(Extracted data Opens)

(* ( * ) => (dagger): a set that is an antichain for <_wk meets every <_wk-chain in at most
   one point, so k+1 such points are not covered by k chains.  (dagger) => ( * ) is Dilworth's
   theorem for the finite order <_wk on the <_st-chain X: if X is not the union of k chains it
   contains an antichain of k+1 elements.  Neither direction uses that <_st is an order
   extending <_wk.

   Dilworth's theorem goes by induction on the size: remove a maximal element a and cover the
   rest by k chains.  If an antichain of size k remains, take in each chain its largest element
   lying in such an antichain; these tops form an antichain, so a lies above one of them, and
   a together with everything below that top in its chain is a chain meeting every antichain
   of size k.  Removing it leaves width k-1. *)

From Stdlib Require Import List Arith Lia Wf_nat Classical ClassicalEpsilon.
Import ListNotations.

Section Orders.

Variables (D : Type) (R : D -> D -> Prop).

Definition width_le (X : D -> Prop) (k : nat) : Prop :=
  forall A, NoDup A -> (forall x, In x A -> X x) -> is_antichain R (fset_of A) ->
  length A <= k.

Definition chain_cover (k : nat) (C : nat -> D -> Prop) (X : D -> Prop) : Prop :=
  (forall i, i < k -> is_chain R (C i)) /\ (forall x, X x <-> exists i, i < k /\ C i x).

(Extracted data Closes)

• _Task to carry out_: Starting at the line with "Variables (D : Type) (R : D -> D -> Prop).", retype each line through the final one in the data above, unchanged and with nothing added.

• _Response to the exercise_:
Variables (D : Type) (R : D -> D -> Prop).

Definition width_le (X : D -> Prop) (k : nat) : Prop :=
  forall A, NoDup A -> (forall x, In x A -> X x) -> is_antichain R (fset_of A) ->
  length A <= k.

Definition chain_cover (k : nat) (C : nat -> D -> Prop) (X : D -> Prop) : Prop :=
  (forall i, i < k -> is_chain R (C i)) /\ (forall x, X x <-> exists i, i < k /\ C i x).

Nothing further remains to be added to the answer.